EXERCISE 1.2

1. Which of the following are examples of the null set? (Ex 1.2 sets ncert maths solution class 11)

(i) Set of odd natural numbers divisible by 2

(ii) Set of even prime numbers

(iii) {x: x is a natural numbers, x < 5 and x > 7}

(iv) {y: y is a point common to any two parallel lines}

Solution: (i) Set of odd natural numbers is a null set, as odd numbers are not divisible by 2.

(ii) Set of even prime numbers is not a null set, as 2 is an even prime number.

(iii) {x: x is a natural number, $x < 5$ and $x > 7$ } is a null set, a number cannot be both less than 5 and greater than 7.

(iv) {y: y is a point common to any two parallel lines} is a null set, the parallel lines do not intersect. Therefore, they have no common point.

2. Which of the following sets are finite or infinite?

(i) The set of months of a year

(ii) {1, 2, 3 …}

(iii) {1, 2, 3 … 99, 100}

(iv) The set of positive integers greater than 100

(v) The set of prime numbers less than 99

Solution: (i) The set of months of a year is a finite set, as it contains 12 elements.

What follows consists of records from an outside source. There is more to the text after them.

(* Let $\lambda_C$ and $\mathrm{VFS}$ be the calculi and $M\mapsto M^{\bullet}$ the VFS-translation described in the context. (1) Let $R\in\{B,\mathit{let}_v,\eta_{let}\}$. If $M\to_R N$ in $\lambda_C$ (one step of the compatible closure of rule $R$), then $M^{\bullet}\twoheadrightarrow N^{\bullet}$ in $\mathrm{VFS}$. (2) Let $R\in\{\mathit{let}_1,\mathit{let}_2,\mathit{assoc}\}$. If $M\to_R N$ in $\lambda_C$, then $M^{\bullet}= N^{\bullet}$ (syntactic equality up to $\alpha$-conversion) in $\mathrm{VFS}$.
   Context: All calculi below are untyped term calculi considered up to $\alpha$-conversion; $[V/x]M$ denotes capture-avoiding substitution; a one-step reduction relation $\to$ is the closure of the listed rules under all term constructors, and $\twoheadrightarrow$ is its reflexive-transitive closure. The computational $\lambda$-calculus $\lambda_C$: terms $M,N,P,Q::= V\mid MN\mid \mathsf{let}\,x:=M\,\mathsf{in}\,N$ (binding $x$ in $N$), values $V,W::=x\mid \lambda x.M$. Rules: $(B)$ $(\lambda x.M)N\to \mathsf{let}\,x:=N\,\mathsf{in}\,M$; $(\mathit{let}_v)$ $\mathsf{let}\,x:=V\,\mathsf{in}\,M\to[V/x]M$; $(\eta_{let})$ $\mathsf{let}\,x:=M\,\mathsf{in}\,x\to M$; $(\mathit{assoc})$ $\mathsf{let}\,y:=(\mathsf{let}\,x:=M\,\mathsf{in}\,N)\,\mathsf{in}\,P\to \mathsf{let}\,x:=M\,\mathsf{in}\,\mathsf{let}\,y:=N\,\mathsf{in}\,P$; $(\mathit{let}_1)$ $MN\to\mathsf{let}\,x:=M\,\mathsf{in}\,xN$ if $M$ is not a value; $(\mathit{let}_2)$ $VN\to \mathsf{let}\,x:=N\,\mathsf{in}\,Vx$ if $N$ is not a value (with $x$ fresh). The calculus $\mathrm{VFS}$: terms $M,N::=\uparrow V\mid \mathsf{C}_v(V,c)$; values $V,W::=x\mid\lambda x.M$; formal contexts $c::= x.M\mid (W,x.M)$, where $x.M$ and $(W,x.M)$ bind $x$ in $M$. An auxiliary operation $\mathsf{C}_v(M:c')$ (a term) and $(c:c')$ (a formal context) is defined by simultaneous recursion: $\mathsf{C}_v(\uparrow V:c')=\mathsf{C}_v(V,c')$, $\mathsf{C}_v(\mathsf{C}_v(V,c):c')=\mathsf{C}_v(V,(c:c'))$, $((x.M):c')=x.\mathsf{C}_v(M:c')$, $((W,x.M):c')=(W,x.\mathsf{C}_v(M:c'))$. Rules: $(B_v)$ $\mathsf{C}_v(\lambda x.M,(V,y.N))\to \mathsf{C}_v(V,x.\mathsf{C}_v(M:y.N))$; $(\sigma_v)$ $\mathsf{C}_v(V,y.N)\to [V/y]N$. The VFS-translation from $\lambda_C$ to $\mathrm{VFS}$: $x^{\circ}=x$; $(\lambda x.M)^{\circ}=\lambda x.M^{\bullet}$; $M^{\bullet}=(M;x.\uparrow x)$; and for a $\lambda_C$-term $M$ and a $\mathrm{VFS}$-term $N$, the $\mathrm{VFS}$-term $(M;x.N)$ is defined by: $(V;x.N)=\mathsf{C}_v(V^{\circ},x.N)$; $(PQ;x.N)=(P;m.(mQ;x.N))$ if $P$ is not a value; $(VQ;x.N)=(Q;n.(Vn;x.N))$ if $Q$ is not a value; $(VW;x.N)=\mathsf{C}_v(V^{\circ},(W^{\circ},x.N))$; $(\mathsf{let}\,y:=M\,\mathsf{in}\,P;x.N)=(M;y.(P;x.N))$ (with $m,n$ fresh). *)

(* Terms are represented with de Bruijn indices, so syntactic
   equality of Rocq terms is equality up to alpha-conversion. *)
From Stdlib Require Import Arith Relations.

Inductive lterm : Type :=
| LVar : nat -> lterm
| LLam : lterm -> lterm
| LApp : lterm -> lterm -> lterm
| LLet : lterm -> lterm -> lterm.    (* let x := M in N, x = index 0 in N *)

Definition is_value (t : lterm) : bool :=
  match t with LVar _ | LLam _ => true | _ => false end.

Fixpoint lshift (c : nat) (t : lterm) : lterm :=
  match t with
  | LVar j => LVar (if j <? c then j else S j)
  | LLam b => LLam (lshift (S c) b)
  | LApp p q => LApp (lshift c p) (lshift c q)
  | LLet m n => LLet (lshift c m) (lshift (S c) n)
  end.

Fixpoint lsubst (k : nat) (V : lterm) (t : lterm) : lterm :=
  match t with
  | LVar j => if j <? k then LVar j else if j =? k then V else LVar (pred j)
  | LLam b => LLam (lsubst (S k) (lshift 0 V) b)
  | LApp p q => LApp (lsubst k V p) (lsubst k V q)
  | LLet m n => LLet (lsubst k V m) (lsubst (S k) (lshift 0 V) n)
  end.

Inductive lrule : Type := RB | Rletv | Retalet | Rassoc | Rlet1 | Rlet2.

Inductive lroot : lrule -> lterm -> lterm -> Prop :=
| root_B : forall M N, lroot RB (LApp (LLam M) N) (LLet N M)
| root_letv : forall V M, is_value V = true -> lroot Rletv (LLet V M) (lsubst 0 V M)
| root_eta : forall M, lroot Retalet (LLet M (LVar 0)) M
| root_assoc : forall M N P,
    lroot Rassoc (LLet (LLet M N) P) (LLet M (LLet N (lshift 1 P)))
| root_let1 : forall M N, is_value M = false ->
    lroot Rlet1 (LApp M N) (LLet M (LApp (LVar 0) (lshift 0 N)))
| root_let2 : forall V N, is_value V = true -> is_value N = false ->
    lroot Rlet2 (LApp V N) (LLet N (LApp (lshift 0 V) (LVar 0))).

Inductive lstep (R : lrule) : lterm -> lterm -> Prop :=
| ls_root : forall M N, lroot R M N -> lstep R M N
| ls_lam : forall M M', lstep R M M' -> lstep R (LLam M) (LLam M')
| ls_appl : forall M M' N, lstep R M M' -> lstep R (LApp M N) (LApp M' N)
| ls_appr : forall M N N', lstep R N N' -> lstep R (LApp M N) (LApp M N')
| ls_letl : forall M M' N, lstep R M M' -> lstep R (LLet M N) (LLet M' N)
| ls_letr : forall M N N', lstep R N N' -> lstep R (LLet M N) (LLet M N').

(ii) $\{1, 2, 3 …\}$ is an infinite set because it has an infinite number of natural numbers.

(iii) $\{1, 2, 3 …99, 100\}$ is a finite set.

(iv) The set of positive integers greater than 100 is an infinite set,

(v) The set of prime numbers less than 99 is a finite set.

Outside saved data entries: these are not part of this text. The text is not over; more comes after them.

(* Let $G$ be a countably infinite disconnected IH-homogeneous graph. Then there exist $n,m\in\omega+1$ (each either a positive integer or $\omega$) with $\max\{m,n\}=\omega$ such that $G\cong I_n[K_m]$.
   Context: All graphs are undirected and loopless; subgraphs are induced. $G$ is IH-homogeneous if every isomorphism between finite induced subgraphs of $G$ is the restriction of an endomorphism of $G$ (a map $G\to G$ sending adjacent vertices to adjacent vertices). $K_\kappa$ is the complete graph and $I_\kappa$ the edgeless graph on $\kappa$ vertices; the lexicographic product $G[H]$ has vertex set $G\times H$ with $(g,h)\sim(g',h')$ iff $g\sim g'$, or $g=g'$ and $h\sim h'$; so $I_n[K_m]$ is a disjoint union of $n$ copies of $K_m$. *)

From Stdlib Require Import List Relations.
Import ListNotations.

Definition simple_graph (V : Type) (adj : V -> V -> Prop) : Prop :=
  (forall x y, adj x y -> adj y x) /\ (forall x, ~ adj x x).

Definition countably_infinite (V : Type) : Prop :=
  exists e : nat -> V, (forall i j, e i = e j -> i = j) /\ (forall v, exists i, e i = v).

Definition disconnected (V : Type) (adj : V -> V -> Prop) : Prop :=
  exists x y : V, ~ clos_refl_trans V adj x y.

Definition endomorphism (V : Type) (adj : V -> V -> Prop) (g : V -> V) : Prop :=
  forall x y, adj x y -> adj (g x) (g y).

(* IH-homogeneous: every isomorphism f between the finite induced subgraphs on
   A and on f(A) (f injective on A, preserving and reflecting adjacency on A)
   is the restriction of an endomorphism of G. *)
Definition IH_homogeneous (V : Type) (adj : V -> V -> Prop) : Prop :=
  forall (A : list V) (f : V -> V),
    (forall x y, In x A -> In y A -> f x = f y -> x = y) ->
    (forall x y, In x A -> In y A -> (adj x y <-> adj (f x) (f y))) ->
    exists g : V -> V, endomorphism V adj g /\ (forall x, In x A -> g x = f x).

(* Elements of omega+1 minus 0: Some k (k >= 1) is the positive integer k,
   None is omega. [below c i] means i < c, i.e. i ranges over a set of size c. *)
Definition below (c : option nat) (i : nat) : Prop :=
  match c with None => True | Some k => i < k end.

Definition positive_card (c : option nat) : Prop :=
  match c with None => True | Some k => 0 < k end.

(* I_n[K_m]: vertex set {(i,j) | i < n, j < m}, (i,j) ~ (i',j') iff i = i' and j <> j'. *)
Definition IK_vertex (n m : option nat) (p : nat * nat) : Prop :=
  below n (fst p) /\ below m (snd p).

Definition IK_adj (p q : nat * nat) : Prop :=
  fst p = fst q /\ snd p <> snd q.

Definition iso_to_IK (V : Type) (adj : V -> V -> Prop) (n m : option nat) : Prop :=
  exists phi : V -> nat * nat,
    (forall v, IK_vertex n m (phi v)) /\
    (forall u v, phi u = phi v -> u = v) /\
    (forall p, IK_vertex n m p -> exists v, phi v = p) /\
    (forall u v, adj u v <-> IK_adj (phi u) (phi v)).

(* In an IH-homogeneous graph, a partial map sending two distinct non-adjacent
   vertices a, b to two vertices x, y in different components extends to an
   endomorphism, and endomorphisms preserve connectivity; so if G is
   disconnected, non-adjacent vertices always lie in different components,
   i.e. "equal or adjacent" is an equivalence relation and G is a disjoint
   union of cliques.  Extending a one-point map a |-> b yields an endomorphism
   which is injective on the clique of a and maps it into the clique of b, so
   all cliques have the same size m.  Enumerating the cliques by their least
   vertex and the vertices of each clique in increasing order gives the
   isomorphism with I_n[K_m]; as G is infinite, n or m is omega. *)

From Stdlib Require Import List Relations.
From Stdlib Require Import Classical ClassicalEpsilon ConstructiveEpsilon Lia Arith.
Import ListNotations.

Definition decide (P : Prop) : bool :=
  if excluded_middle_informative P then true else false.

Lemma decide_true (P : Prop) : decide P = true <-> P.
Proof.
  unfold decide; destruct (excluded_middle_informative P); split; intro H;
    auto; discriminate.
Qed.

Definition count_below (P : nat -> Prop) (N : nat) : nat :=
  length (filter (fun i => decide (P i)) (seq 0 N)).

Definition in_count_range (P : nat -> Prop) (k : nat) : Prop :=
  exists N, k < count_below P N.

Lemma count_below_succ P N :
  count_below P (S N) = count_below P N + (if decide (P N) then 1 else 0).
Proof.
  unfold count_below. rewrite seq_S, filter_app, length_app.
  simpl. destruct (decide (P N)); simpl; lia.
Qed.

Lemma count_below_mono P a b : a <= b -> count_below P a <= count_below P b.
Proof. induction 1; auto. rewrite count_below_succ. lia. Qed.

Lemma count_below_succ_in P a : P a -> count_below P (S a) = S (count_below P a).
Proof. intro Ha. rewrite count_below_succ. apply decide_true in Ha. rewrite Ha. lia. Qed.

Lemma count_below_lt P a b : P a -> a < b -> count_below P a < count_below P b.
Proof.
  intros Ha Hab. pose proof (count_below_mono P (S a) b Hab) as Hle.
  rewrite count_below_succ_in in Hle by exact Ha. lia.
Qed.

Lemma count_below_inj P a b :
  P a -> P b -> count_below P a = count_below P b -> a = b.
Proof.
  intros Ha Hb Heq. destruct (lt_eq_lt_dec a b) as [[Hlt|Hab]|Hlt]; auto.
  - pose proof (count_below_lt P a b Ha Hlt). lia.
  - pose proof (count_below_lt P b a Hb Hlt). lia.
Qed.

Lemma count_below_ext P Q N : (forall i, P i <-> Q i) -> count_below P N = count_below Q N.
Proof.
  intro HPQ. induction N as [|N IH]; auto.
  rewrite !count_below_succ, IH.
  replace (decide (Q N)) with (decide (P N)); auto.
  unfold decide.
  destruct (excluded_middle_informative (P N)), (excluded_middle_informative (Q N));
    firstorder.
Qed.
(* Let $m\ge3$, $C$ a set of $m$ candidates, $T$ the set of all $m!$ strict rankings of $C$, $w=(w_1,\dots,w_m)$ with $1=w_1\ge\cdots\ge w_m=0$, $\bar w=(w_1+\cdots+w_m)/m$, and $\sigma_t(\alpha)=w_i$ where $i$ is the position of $\alpha$ in $t\in T$. Let $(N_t)_{t\in T}$ be nonnegative integers with $\sum_tN_t=n$ and $|\alpha|=\sum_tN_t\sigma_t(\alpha)$. Suppose $|a|>|\alpha|$ for all $\alpha\ne a$, and $b\ne a$ satisfies $|b|\ge|\alpha|$ for all $\alpha\ne a$. Let $T_b$ be the set of types ranking $b$ first, $T_i$ ($1\le i\le m-1$) the set of types ranking $b$ in position $i$ and $a$ in position $i+1$, and $T_{ba}=\bigcup_{i=1}^{m-1}T_i$. Suppose nonnegative reals $z_1,\dots,z_{m-1}$ satisfy $$\sum_{i=1}^{m-1}z_i(1-w_i+w_{i+1})\ge|a|-|b|,\qquad \sum_{i=1}^{m-1}z_i(1-w_i)\ge n\bar w-|b|.$$ Then there exist reals $x_t\ge0$ ($t\in T_{ba}$) and $y_t\ge0$ ($t\in T_b$) with $\sum_{t\in T_i}x_t=z_i$ for each $i=1,\dots,m-1$, $\sum_{t\in T_b}y_t=\sum_{t\in T_{ba}}x_t$, and $$\sum_{t\in T_b}y_t(1-\sigma_t(\alpha))-\sum_{t\in T_{ba}}x_t(\sigma_t(b)-\sigma_t(\alpha))\ge|\alpha|-|b|\quad\text{for all }\alpha\ne b.$$ *)

From HB Require Import structures.
From mathcomp Require Import all_boot all_order all_fingroup all_algebra.
From mathcomp Require Import reals.
Set Implicit Arguments. Unset Strict Implicit. Unset Printing Implicit Defensive.
Import Order.TTheory GRing.Theory Num.Theory.
Local Open Scope ring_scope.

(* A type (strict ranking) t : {perm 'I_m} maps a
   candidate to its position, positions being 0-based (position 0 = first).
   Weights w : nat -> R, w k = weight of 0-based position k (paper's w_{k+1}). *)

Definition sigma (R : pzRingType) (m : nat) (w : nat -> R) (t : {perm 'I_m})
  (al : 'I_m) : R := w (t al).

Definition score (R : pzRingType) (m : nat) (w : nat -> R)
  (N : {perm 'I_m} -> nat) (al : 'I_m) : R :=
  \sum_(t : {perm 'I_m}) (N t)%:R * sigma w t al.

Definition wbar (R : fieldType) (m : nat) (w : nat -> R) : R :=
  (\sum_(i < m) w i) / m%:R.

From HB Require Import structures.
From mathcomp Require Import all_boot all_order all_fingroup all_algebra.
From mathcomp Require Import reals.
From mathcomp Require Import ring lra zify.
Import Order.TTheory GRing.Theory Num.Theory.
Local Open Scope ring_scope.
Set Implicit Arguments. Unset Strict Implicit. Unset Printing Implicit Defensive.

3. State whether each of the following sets is finite or infinite.

(i) The set of lines which are parallel to the x-axis

(ii) The set of letters in the English alphabet

(iii) The set of numbers which are multiple of 5

(iv) The set of animals living on the earth

(v) The set of circles passing through the origin (0, 0)

Solution: (i) The set of lines which are parallel to the x-axis is an infinite set.

(ii) The set of letters in the English alphabet is a finite set, it contains 26 elements.

(iii) The set of numbers which are multiple of 5 is an infinite set.

(iv) The set of animals living on the earth is a finite set, the number of animals living on the earth is finite.

(v) The set of circles passing through the origin (0, 0) is an infinite set.

4. In the following, state whether A = B or not.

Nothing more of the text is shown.